Learning Mixed Strategies in Trajectory Games
L. Peters, D. Fridovich-Keil, L. Ferranti, J. Alonso-Mora, F. Laine. In , Proc. of Robotics: Science and Systems (RSS), 2022.

In multi-agent settings, game theory is a natural framework for describing the strategic interactions of agents whose objectives depend upon one another’s behavior. Trajectory games capture these complex effects by design.

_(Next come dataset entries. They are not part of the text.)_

(* Let $(\mathbb{R}^d,H,\mathcal{L})$ be a cut-and-project scheme such that $\mathcal{L}$ and $\mathcal{L}^\circ$ are both countable. Let $D$ be a lattice in $\mathbb{R}^d$ such that $D\cap\pi^G(\mathcal{L})=\{0\}$ and $D^\circ\cap\pi^{\widehat G}(\mathcal{L}^\circ)=\{0\}$. Let $\mathbb{K}=\mathbb{R}^d/D$ with quotient map $\psi:\mathbb{R}^d\to\mathbb{K}$. Then: (a) $\psi$ is injective on $\pi^G(\mathcal{L})$, and $\psi(\pi^G(\mathcal{L}))$ is dense in $\mathbb{K}$; (b) for every non-empty open set $U\subseteq H$ the set $\psi(\Lambda_U)$ is dense in $\mathbb{K}$.
   Context: $G=\mathbb{R}^d$. A cut-and-project scheme $(G,H,\mathcal{L})$ consists of locally compact abelian groups $G,H$ and a discrete cocompact subgroup $\mathcal{L}\subseteq G\times H$ such that $\pi^G|_{\mathcal{L}}$ is injective and $\pi^H(\mathcal{L})$ is dense in $H$; $\Lambda_U=\pi^G(\mathcal{L}\cap(G\times U))$. The dual group $\widehat G$ of $\mathbb{R}^d$ is identified with $\mathbb{R}^d$ via $x\mapsto(y\mapsto e^{2\pi i\langle x,y\rangle})$; $\mathcal{L}^\circ=\{(\chi,\eta)\in\widehat G\times\widehat H:\chi(g)\eta(h)=1\text{ for all }(g,h)\in\mathcal L\}$ is the annihilator of $\mathcal L$, and $\pi^{\widehat G}$ is the projection to $\widehat G$. For a lattice $D\subseteq\mathbb R^d$, $D^\circ=\{x\in\mathbb{R}^d:\langle y,x\rangle\in\mathbb{Z}\ \forall y\in D\}$. *)

From HB Require Import structures.
From mathcomp Require Import all_boot all_order all_algebra.
From mathcomp Require Import all_classical all_reals all_analysis.
From mathcomp Require Import complex generic_quotient.
Set Implicit Arguments.
Unset Strict Implicit.
Unset Printing Implicit Defensive.
Import Order.TTheory GRing.Theory Num.Theory.
Import numFieldNormedType.Exports.
Local Open Scope classical_set_scope.
Local Open Scope ring_scope.
Local Open Scope quotient_scope.

Section Defs.
Variable R : realType.
Variable d : nat.

(* G = R^d as row vectors *)
Definition inner (x y : 'rV[R]_d) : R := \sum_(i < d) x 0 i * y 0 i.

Definition expi (t : R) : R[i] :=
  Complex (cos (2 * trigo.pi * t)) (sin (2 * trigo.pi * t)).

Definition charG (x y : 'rV[R]_d) : R[i] := expi (inner x y).

Section CPS.
Variable H : topologicalZmodType.

Definition LCA_group : Prop :=
  hausdorff_space H /\ locally_compact [set: H].

Definition subgroup (L : set ('rV[R]_d * H)) : Prop :=
  L 0 /\ (forall a b, L a -> L b -> L (a - b)).

Definition discrete_subset (L : set ('rV[R]_d * H)) : Prop :=
  forall l, L l -> exists V, nbhs l V /\ V `&` L = [set l].

Definition cocompact (L : set ('rV[R]_d * H)) : Prop :=
  exists K : set ('rV[R]_d * H), compact K /\
    forall z, exists k l, K k /\ L l /\ z = k + l.

Definition cut_and_project_scheme (L : set ('rV[R]_d * H)) : Prop :=
  [/\ LCA_group, subgroup L, discrete_subset L, cocompact L
    & ((forall a b, L a -> L b -> a.1 = b.1 -> a = b) /\
       dense [set h | exists l, L l /\ l.2 = h])].

Definition model_set (L : set ('rV[R]_d * H)) (U : set H) : set 'rV[R]_d :=
  [set g | exists l, L l /\ U l.2 /\ l.1 = g].

Definition proj_G (L : set ('rV[R]_d * H)) : set 'rV[R]_d :=
  [set g | exists l, L l /\ l.1 = g].

(* continuous characters of H : continuous homomorphisms into the unit
   circle of C = R[i]; C carries its usual (product = euclidean) topology,
   i.e. continuity of h |-> (Re, Im). *)
Definition character (eta : H -> R[i]) : Prop :=
  [/\ continuous (fun h => (complex.Re (eta h), complex.Im (eta h))),
      (forall h, `|eta h| = 1) &
      (forall a b, eta (a + b) = eta a * eta b)].

(* the annihilator L° in \hat G x \hat H, with \hat G identified with R^d *)
Definition annihilator (L : set ('rV[R]_d * H)) : set ('rV[R]_d * (H -> R[i])) :=
  [set p | character p.2 /\ forall l, L l -> charG p.1 l.1 * p.2 l.2 = 1].

Definition proj_dualG (L : set ('rV[R]_d * H)) : set 'rV[R]_d :=
  [set x | exists eta, annihilator L (x, eta)].

End CPS.

Definition lattice_of (B : 'M[R]_d) : set 'rV[R]_d :=
  [set v | exists k : 'rV[R]_d, (forall i, k 0 i \is a Num.int) /\ v = k *m B].

Definition dual_lattice (D : set 'rV[R]_d) : set 'rV[R]_d :=
  [set x | forall y, D y -> inner y x \is a Num.int].

Definition lat_rel (B : 'M[R]_d) (x y : 'rV[R]_d) : bool :=
  `[< lattice_of B (x - y) >].

Lemma lat_rel_equiv (B : 'M[R]_d) : equiv_class_of (lat_rel B).
Proof.
rewrite /lat_rel; split.
- move=> x; apply/asboolP; exists 0; rewrite subrr mul0mx; split=> // i.
  by rewrite mxE.
- move=> x y; apply/asboolP/asboolP => -[k [kZ Hk]]; exists (- k); split.
  + by move=> i; rewrite !mxE rpredN.
  + by rewrite mulNmx -Hk opprB.
  + by move=> i; rewrite !mxE rpredN.
  + by rewrite mulNmx -Hk opprB.
- move=> y x z /asboolP [k [kZ Hk]] /asboolP [k' [k'Z Hk']].
  apply/asboolP; exists (k + k'); split.
    by move=> i; rewrite !mxE; apply: rpredD.
  by rewrite mulmxDl -Hk -Hk' addrA subrK.
Qed.

Canonical lat_equiv (B : 'M[R]_d) := EquivRelPack (lat_rel_equiv B).

Definition torus (B : 'M[R]_d) : Type :=
  quotient_topology {eq_quot lat_equiv B}.

Definition torus_pi (B : 'M[R]_d) : 'rV[R]_d -> torus B :=
  fun x => \pi_(torus B) x.

End Defs.

(* Let D be the lattice spanned by B and M the closure of L + D x {0} in R^d x H.
   M is a closed subgroup, and it projects onto H because pi^H(L) is dense and
   every coset of D meets a fixed compact ball. Its fibre C over 0 is a closed
   subgroup of R^d containing D. If C were proper, a Kronecker-type argument
   (take a maximal subspace V inside C; C is discrete in a complement W, and
   Dirichlet approximation bounds the denominators of the coordinates of C on a
   basis of W made of projected lattice vectors) gives x <> 0 with <x, C> in Z.
   Then h |-> e(-<x, g>) for any (g, h) in M is a well-defined continuous
   character eta of H with (x, eta) in L°, and x lies in D°, contradicting
   D° /\ pi(L°) = {0}. So C = R^d, i.e. L + D x {0} is dense in R^d x H, which
   gives the density of psi(Lambda_U); injectivity of psi on pi^G(L) is the
   hypothesis D /\ pi^G(L) = {0}. *)

From HB Require Import structures.
From mathcomp Require Import all_boot all_order all_algebra.
From mathcomp Require Import all_classical all_reals all_analysis.
From mathcomp Require Import complex generic_quotient.
From mathcomp Require Import ring lra.
Set Implicit Arguments.
Unset Strict Implicit.
Unset Printing Implicit Defensive.
Import Order.TTheory GRing.Theory Num.Theory.
Import numFieldNormedType.Exports.
Local Open Scope classical_set_scope.
Local Open Scope ring_scope.
(* the step from v to u is a shift at i in direction e (e = 1 : left,
   e = -1 : right): u_i = v_i + e, u_{i+1} = v_{i+1} - e, others equal;
   both endpoints must be vertices *)
Definition shift (n m : nat) (e : int) (i : nat) (v u : seq int) : bool :=
  [&& is_vertex n m v, is_vertex n m u, (i <= m)%N,
      zcoord u i == adj n m i (zcoord v i + e),
      zcoord u i.+1 == adj n m i.+1 (zcoord v i.+1 - e)
    & all (fun j => (j == i) || (j == i.+1) || (zcoord u j == zcoord v j))
          (iota 0 m.+2)].

Definition lshift n m i v u := shift n m 1 i v u.
Definition rshift n m i v u := shift n m (-1) i v u.

Definition shift_at n m i v u := lshift n m i v u || rshift n m i v u.

Definition adjacent n m (v u : seq int) : bool :=
  has (fun i => shift_at n m i v u) (iota 0 m.+1).

(* a path from v to w: v :: s is the vertex sequence, its length is size s *)
Definition is_path n m (v w : seq int) (s : seq (seq int)) : bool :=
  is_vertex n m v && path (adjacent n m) v s && (last v s == w).

Definition steps (v : seq int) (s : seq (seq int)) := zip (v :: s) s.

Definition is_wall n m (p : int) (v : seq int) (s : seq (seq int)) : bool :=
  if p == -1 then all (fun st => ~~ lshift n m 0 st.1 st.2) (steps v s)
  else if p == (m.+1)%:Z then all (fun st => ~~ rshift n m m st.1 st.2) (steps v s)
  else (0 <= p <= m%:Z) &&
       all (fun st => ~~ shift_at n m (absz p) st.1 st.2) (steps v s).

Definition ps_is n m (p : int) (v : seq int) (k : int) : Prop :=
  (exists s, [/\ is_path n m v (zerov m) s, is_wall n m p v s & (size s)%:Z = k])
  /\ (forall s, is_path n m v (zerov m) s -> is_wall n m p v s -> k <= (size s)%:Z).

Definition dist_is n m (v w : seq int) (d : nat) : Prop :=
  (exists s, is_path n m v w s /\ size s = d)
  /\ (forall s, is_path n m v w s -> (d <= size s)%N).

Definition piv n m (v : seq int) (p : int) : Prop :=
  (-1 <= p <= (m.+1)%:Z) /\ (n%:Z %| \sum_(i < (absz (p + 1))) zcoord v i)%Z.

In competitive settings, this makes them a more faithful interaction model than traditional “predict then plan” approaches. However, current game-theoretic planning methods have important limitations. In this work, we propose two main contributions. First, we introduce an offline training phase which reduces the online computational burden of solving trajectory games. Second, we formulate a lifted game which allows players to optimize multiple candidate trajectories in unison and thereby construct more competitive “mixed” strategies. We validate our approach on a number of experiments using the pursuit-evasion game “tag.”